Material for this exercise -
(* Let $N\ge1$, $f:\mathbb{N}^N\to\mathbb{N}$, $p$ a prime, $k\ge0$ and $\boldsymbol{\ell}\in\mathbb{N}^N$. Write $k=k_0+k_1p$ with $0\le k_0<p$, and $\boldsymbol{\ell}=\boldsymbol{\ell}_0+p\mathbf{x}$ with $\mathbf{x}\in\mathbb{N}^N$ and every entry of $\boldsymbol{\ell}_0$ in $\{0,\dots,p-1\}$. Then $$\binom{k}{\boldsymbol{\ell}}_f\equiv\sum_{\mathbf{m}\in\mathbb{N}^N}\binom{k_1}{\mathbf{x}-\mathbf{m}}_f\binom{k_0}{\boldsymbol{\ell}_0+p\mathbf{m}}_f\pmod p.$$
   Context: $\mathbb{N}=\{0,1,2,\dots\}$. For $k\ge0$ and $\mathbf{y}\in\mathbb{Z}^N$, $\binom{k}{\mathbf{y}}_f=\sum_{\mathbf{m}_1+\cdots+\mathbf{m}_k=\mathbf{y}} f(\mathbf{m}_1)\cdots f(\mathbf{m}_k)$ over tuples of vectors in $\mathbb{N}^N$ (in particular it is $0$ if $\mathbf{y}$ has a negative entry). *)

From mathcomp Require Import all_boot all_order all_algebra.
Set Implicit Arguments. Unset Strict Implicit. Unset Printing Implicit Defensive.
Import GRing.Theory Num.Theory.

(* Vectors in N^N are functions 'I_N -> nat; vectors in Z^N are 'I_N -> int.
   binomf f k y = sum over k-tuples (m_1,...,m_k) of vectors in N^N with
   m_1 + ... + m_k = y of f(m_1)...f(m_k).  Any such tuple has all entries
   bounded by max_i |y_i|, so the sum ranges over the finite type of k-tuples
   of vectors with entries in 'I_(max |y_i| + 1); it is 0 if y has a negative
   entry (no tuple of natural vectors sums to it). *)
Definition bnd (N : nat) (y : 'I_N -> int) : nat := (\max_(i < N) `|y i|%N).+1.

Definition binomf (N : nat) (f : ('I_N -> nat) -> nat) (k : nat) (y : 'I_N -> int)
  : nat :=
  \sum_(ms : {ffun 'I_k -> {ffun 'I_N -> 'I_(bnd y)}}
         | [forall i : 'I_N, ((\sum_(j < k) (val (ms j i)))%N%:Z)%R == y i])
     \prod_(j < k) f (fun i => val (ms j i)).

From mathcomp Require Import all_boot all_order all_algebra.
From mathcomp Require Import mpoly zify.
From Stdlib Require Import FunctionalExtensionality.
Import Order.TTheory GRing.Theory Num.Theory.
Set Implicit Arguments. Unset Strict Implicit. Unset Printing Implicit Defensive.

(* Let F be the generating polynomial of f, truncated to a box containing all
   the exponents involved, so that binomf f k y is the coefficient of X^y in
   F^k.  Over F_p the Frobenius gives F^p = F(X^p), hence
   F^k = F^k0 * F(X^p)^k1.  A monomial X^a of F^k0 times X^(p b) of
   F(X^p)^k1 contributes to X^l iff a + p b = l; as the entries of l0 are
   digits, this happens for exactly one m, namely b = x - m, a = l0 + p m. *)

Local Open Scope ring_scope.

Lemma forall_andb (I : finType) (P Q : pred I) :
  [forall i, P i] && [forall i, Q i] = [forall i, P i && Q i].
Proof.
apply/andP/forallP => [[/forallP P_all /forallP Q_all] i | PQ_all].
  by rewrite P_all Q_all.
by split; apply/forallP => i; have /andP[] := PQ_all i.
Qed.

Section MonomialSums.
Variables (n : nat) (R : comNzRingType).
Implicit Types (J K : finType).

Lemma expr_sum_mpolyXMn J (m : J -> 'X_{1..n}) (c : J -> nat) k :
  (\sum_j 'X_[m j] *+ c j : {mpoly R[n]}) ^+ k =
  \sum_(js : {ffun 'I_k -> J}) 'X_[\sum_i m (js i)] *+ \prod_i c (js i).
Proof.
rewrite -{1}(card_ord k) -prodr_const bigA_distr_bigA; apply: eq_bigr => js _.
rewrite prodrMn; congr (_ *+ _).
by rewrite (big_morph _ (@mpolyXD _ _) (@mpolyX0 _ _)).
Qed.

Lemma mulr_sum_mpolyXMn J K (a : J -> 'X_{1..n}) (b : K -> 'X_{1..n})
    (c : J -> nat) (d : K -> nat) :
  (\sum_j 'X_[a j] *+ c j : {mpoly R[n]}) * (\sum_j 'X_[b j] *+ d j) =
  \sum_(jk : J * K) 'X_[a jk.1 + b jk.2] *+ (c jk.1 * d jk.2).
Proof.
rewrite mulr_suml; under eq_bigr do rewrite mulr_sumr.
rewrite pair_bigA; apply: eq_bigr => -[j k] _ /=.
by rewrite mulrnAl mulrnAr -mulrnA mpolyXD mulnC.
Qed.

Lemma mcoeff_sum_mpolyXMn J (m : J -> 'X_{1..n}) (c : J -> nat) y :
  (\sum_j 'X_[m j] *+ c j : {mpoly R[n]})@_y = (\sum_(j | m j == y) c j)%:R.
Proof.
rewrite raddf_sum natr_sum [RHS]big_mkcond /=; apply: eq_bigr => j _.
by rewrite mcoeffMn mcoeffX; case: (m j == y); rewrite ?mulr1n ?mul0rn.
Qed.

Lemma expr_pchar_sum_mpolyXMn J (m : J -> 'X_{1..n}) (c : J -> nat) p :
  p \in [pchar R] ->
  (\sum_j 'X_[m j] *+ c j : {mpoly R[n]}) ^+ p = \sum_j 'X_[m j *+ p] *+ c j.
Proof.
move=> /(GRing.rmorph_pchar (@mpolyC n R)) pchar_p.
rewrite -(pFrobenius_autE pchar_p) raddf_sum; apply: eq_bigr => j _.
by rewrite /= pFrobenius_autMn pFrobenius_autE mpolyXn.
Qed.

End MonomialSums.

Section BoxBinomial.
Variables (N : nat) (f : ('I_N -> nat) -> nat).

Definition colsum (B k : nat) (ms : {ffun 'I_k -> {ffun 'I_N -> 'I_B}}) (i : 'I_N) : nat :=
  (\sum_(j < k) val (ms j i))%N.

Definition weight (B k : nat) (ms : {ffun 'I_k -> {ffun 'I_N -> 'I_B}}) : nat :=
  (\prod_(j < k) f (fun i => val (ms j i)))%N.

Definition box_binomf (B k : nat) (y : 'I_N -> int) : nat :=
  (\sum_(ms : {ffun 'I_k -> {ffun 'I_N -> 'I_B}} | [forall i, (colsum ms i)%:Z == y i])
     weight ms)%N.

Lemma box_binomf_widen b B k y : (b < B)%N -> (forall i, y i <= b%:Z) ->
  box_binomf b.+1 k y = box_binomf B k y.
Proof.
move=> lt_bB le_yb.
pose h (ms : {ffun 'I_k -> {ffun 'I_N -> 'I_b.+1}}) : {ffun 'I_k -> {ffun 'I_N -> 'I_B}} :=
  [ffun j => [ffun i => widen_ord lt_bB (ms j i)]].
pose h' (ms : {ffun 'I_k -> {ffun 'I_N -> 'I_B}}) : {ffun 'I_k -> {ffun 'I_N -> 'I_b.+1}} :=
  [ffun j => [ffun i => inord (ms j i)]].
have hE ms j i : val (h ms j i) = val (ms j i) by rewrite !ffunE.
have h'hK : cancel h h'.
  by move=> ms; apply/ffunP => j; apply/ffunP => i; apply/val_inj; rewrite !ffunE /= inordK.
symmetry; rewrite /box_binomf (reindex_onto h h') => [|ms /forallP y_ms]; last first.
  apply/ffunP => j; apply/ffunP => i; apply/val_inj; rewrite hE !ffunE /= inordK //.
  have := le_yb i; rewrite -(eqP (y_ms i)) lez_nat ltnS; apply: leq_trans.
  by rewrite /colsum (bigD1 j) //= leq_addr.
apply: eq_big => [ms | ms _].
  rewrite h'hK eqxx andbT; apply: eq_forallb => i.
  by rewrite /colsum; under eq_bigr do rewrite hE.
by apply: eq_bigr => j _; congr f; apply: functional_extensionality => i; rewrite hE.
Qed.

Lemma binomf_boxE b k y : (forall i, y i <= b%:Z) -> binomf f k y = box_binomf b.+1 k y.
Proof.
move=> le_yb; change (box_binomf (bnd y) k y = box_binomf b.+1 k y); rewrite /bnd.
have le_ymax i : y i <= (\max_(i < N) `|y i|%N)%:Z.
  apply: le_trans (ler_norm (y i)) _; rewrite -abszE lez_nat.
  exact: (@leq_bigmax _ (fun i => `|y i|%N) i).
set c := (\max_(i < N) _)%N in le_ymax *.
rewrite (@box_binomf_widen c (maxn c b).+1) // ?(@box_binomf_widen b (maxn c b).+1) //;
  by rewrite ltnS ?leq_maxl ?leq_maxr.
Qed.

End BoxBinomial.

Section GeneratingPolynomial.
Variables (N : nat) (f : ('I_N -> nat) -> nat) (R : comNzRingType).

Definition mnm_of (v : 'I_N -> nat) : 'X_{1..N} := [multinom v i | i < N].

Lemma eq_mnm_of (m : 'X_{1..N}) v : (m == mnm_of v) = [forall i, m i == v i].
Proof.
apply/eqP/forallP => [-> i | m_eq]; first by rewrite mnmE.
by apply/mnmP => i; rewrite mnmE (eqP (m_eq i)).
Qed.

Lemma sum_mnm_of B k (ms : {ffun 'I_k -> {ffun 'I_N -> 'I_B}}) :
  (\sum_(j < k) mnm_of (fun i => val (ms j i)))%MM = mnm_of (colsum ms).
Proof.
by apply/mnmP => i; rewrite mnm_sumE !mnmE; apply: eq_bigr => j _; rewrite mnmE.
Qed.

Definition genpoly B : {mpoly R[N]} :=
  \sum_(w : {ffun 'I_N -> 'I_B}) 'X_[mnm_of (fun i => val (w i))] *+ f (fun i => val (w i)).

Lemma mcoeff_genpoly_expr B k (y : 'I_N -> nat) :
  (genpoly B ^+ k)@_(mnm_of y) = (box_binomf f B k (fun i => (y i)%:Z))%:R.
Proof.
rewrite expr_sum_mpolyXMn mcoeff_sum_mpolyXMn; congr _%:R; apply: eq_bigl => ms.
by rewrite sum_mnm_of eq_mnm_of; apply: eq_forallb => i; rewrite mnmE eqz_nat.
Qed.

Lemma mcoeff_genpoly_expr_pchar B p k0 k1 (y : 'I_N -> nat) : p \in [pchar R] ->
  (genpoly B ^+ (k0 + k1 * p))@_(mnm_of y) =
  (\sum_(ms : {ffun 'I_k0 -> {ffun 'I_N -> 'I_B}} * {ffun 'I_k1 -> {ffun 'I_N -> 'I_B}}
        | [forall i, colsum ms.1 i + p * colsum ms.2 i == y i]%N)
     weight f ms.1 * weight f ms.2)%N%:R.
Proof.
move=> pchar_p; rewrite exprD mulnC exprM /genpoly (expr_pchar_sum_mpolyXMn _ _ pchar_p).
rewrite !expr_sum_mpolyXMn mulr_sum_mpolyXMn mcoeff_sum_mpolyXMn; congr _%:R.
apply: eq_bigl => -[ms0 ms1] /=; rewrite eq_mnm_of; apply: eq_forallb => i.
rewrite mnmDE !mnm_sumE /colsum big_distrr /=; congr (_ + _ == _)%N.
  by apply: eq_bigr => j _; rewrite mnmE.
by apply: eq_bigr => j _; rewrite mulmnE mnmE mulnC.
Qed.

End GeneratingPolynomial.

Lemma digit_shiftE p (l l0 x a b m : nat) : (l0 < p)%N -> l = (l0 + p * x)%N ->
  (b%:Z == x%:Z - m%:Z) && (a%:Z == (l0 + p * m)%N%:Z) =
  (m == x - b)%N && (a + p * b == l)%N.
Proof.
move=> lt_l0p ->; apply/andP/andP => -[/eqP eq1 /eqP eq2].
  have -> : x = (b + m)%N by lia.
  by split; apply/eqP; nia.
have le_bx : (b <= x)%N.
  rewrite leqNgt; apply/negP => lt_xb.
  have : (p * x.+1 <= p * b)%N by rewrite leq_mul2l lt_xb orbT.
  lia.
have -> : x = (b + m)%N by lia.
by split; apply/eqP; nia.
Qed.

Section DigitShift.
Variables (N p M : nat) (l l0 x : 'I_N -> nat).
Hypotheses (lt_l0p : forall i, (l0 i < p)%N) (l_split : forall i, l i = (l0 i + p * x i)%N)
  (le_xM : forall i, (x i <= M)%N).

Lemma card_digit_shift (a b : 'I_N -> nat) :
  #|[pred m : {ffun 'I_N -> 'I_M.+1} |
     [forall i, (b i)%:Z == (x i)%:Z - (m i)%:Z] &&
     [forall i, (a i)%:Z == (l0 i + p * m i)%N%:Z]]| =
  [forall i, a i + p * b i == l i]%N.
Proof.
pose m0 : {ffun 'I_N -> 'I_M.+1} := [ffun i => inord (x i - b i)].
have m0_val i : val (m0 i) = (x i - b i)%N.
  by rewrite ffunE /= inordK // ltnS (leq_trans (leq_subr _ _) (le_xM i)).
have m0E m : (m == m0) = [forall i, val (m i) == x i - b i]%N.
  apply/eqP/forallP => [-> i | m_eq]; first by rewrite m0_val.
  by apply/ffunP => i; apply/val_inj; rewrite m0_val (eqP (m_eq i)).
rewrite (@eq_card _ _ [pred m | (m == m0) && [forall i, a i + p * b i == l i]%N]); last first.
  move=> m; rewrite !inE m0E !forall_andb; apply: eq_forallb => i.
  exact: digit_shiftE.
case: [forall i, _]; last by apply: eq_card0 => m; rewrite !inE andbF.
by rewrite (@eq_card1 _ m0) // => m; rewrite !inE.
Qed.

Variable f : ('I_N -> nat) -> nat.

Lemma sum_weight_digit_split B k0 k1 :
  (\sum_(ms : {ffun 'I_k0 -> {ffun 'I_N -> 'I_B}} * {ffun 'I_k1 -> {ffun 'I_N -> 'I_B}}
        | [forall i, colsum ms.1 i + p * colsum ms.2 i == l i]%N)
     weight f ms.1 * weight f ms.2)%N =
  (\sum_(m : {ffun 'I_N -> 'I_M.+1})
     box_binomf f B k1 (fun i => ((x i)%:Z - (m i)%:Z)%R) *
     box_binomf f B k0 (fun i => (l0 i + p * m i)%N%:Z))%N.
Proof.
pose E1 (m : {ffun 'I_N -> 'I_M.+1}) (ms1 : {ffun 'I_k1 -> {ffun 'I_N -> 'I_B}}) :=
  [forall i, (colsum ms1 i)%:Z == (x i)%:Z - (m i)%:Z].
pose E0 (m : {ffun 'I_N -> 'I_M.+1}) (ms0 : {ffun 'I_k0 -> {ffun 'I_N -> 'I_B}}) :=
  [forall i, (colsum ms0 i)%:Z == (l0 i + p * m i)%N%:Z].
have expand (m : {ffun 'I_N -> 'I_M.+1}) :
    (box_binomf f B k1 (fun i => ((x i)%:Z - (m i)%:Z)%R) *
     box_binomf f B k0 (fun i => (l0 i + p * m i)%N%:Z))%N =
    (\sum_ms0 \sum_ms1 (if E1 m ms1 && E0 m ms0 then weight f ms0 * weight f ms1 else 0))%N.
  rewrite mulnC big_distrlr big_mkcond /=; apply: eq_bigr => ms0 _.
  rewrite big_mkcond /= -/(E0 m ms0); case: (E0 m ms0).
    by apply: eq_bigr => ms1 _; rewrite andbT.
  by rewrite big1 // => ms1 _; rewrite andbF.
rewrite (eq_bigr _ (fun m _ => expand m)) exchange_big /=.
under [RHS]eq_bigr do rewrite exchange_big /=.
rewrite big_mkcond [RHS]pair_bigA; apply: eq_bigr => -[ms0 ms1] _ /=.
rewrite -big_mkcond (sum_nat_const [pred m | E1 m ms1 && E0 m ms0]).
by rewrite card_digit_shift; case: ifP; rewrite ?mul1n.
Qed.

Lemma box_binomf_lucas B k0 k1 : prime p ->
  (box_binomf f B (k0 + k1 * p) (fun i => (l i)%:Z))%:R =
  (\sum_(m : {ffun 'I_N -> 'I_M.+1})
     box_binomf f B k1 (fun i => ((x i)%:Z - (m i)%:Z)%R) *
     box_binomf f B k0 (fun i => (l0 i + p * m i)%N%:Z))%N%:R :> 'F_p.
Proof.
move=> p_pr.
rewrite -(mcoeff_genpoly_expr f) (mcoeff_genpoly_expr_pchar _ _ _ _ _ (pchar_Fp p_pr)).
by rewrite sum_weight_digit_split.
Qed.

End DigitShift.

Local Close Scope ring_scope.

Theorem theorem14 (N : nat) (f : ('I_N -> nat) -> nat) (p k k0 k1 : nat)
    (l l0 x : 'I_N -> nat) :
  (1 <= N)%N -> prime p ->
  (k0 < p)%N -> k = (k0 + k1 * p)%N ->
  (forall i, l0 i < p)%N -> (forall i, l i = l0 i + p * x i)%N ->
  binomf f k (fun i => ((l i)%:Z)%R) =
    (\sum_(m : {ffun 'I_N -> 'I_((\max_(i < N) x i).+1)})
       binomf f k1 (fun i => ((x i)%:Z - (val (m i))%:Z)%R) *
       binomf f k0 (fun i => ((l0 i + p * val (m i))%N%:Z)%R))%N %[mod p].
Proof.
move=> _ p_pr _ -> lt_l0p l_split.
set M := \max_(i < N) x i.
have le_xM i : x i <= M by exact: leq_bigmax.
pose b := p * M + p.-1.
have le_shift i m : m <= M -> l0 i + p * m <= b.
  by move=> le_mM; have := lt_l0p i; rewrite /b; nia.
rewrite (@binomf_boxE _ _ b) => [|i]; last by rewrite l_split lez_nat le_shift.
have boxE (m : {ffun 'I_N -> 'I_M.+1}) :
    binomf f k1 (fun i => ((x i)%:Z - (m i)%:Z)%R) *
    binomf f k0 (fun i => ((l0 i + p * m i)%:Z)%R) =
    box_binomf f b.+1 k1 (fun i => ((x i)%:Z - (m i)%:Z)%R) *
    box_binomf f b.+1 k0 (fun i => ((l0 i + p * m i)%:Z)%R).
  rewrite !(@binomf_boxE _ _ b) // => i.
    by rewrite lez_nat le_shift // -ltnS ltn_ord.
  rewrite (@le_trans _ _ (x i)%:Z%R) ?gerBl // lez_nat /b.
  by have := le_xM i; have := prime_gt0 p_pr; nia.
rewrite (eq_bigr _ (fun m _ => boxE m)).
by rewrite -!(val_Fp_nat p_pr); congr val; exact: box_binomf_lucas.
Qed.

Problem requirements -
Extract from the listing above the lines between the line containing "From Stdlib Require" and the line containing "Lemma forall_andb (I", keeping both of those lines. Output nothing else.

Result for this exercise -
From Stdlib Require Import FunctionalExtensionality.
Import Order.TTheory GRing.Theory Num.Theory.
Set Implicit Arguments. Unset Strict Implicit. Unset Printing Implicit Defensive.

(* Let F be the generating polynomial of f, truncated to a box containing all
   the exponents involved, so that binomf f k y is the coefficient of X^y in
   F^k.  Over F_p the Frobenius gives F^p = F(X^p), hence
   F^k = F^k0 * F(X^p)^k1.  A monomial X^a of F^k0 times X^(p b) of
   F(X^p)^k1 contributes to X^l iff a + p b = l; as the entries of l0 are
   digits, this happens for exactly one m, namely b = x - m, a = l0 + p m. *)

Local Open Scope ring_scope.

Lemma forall_andb (I : finType) (P Q : pred I) :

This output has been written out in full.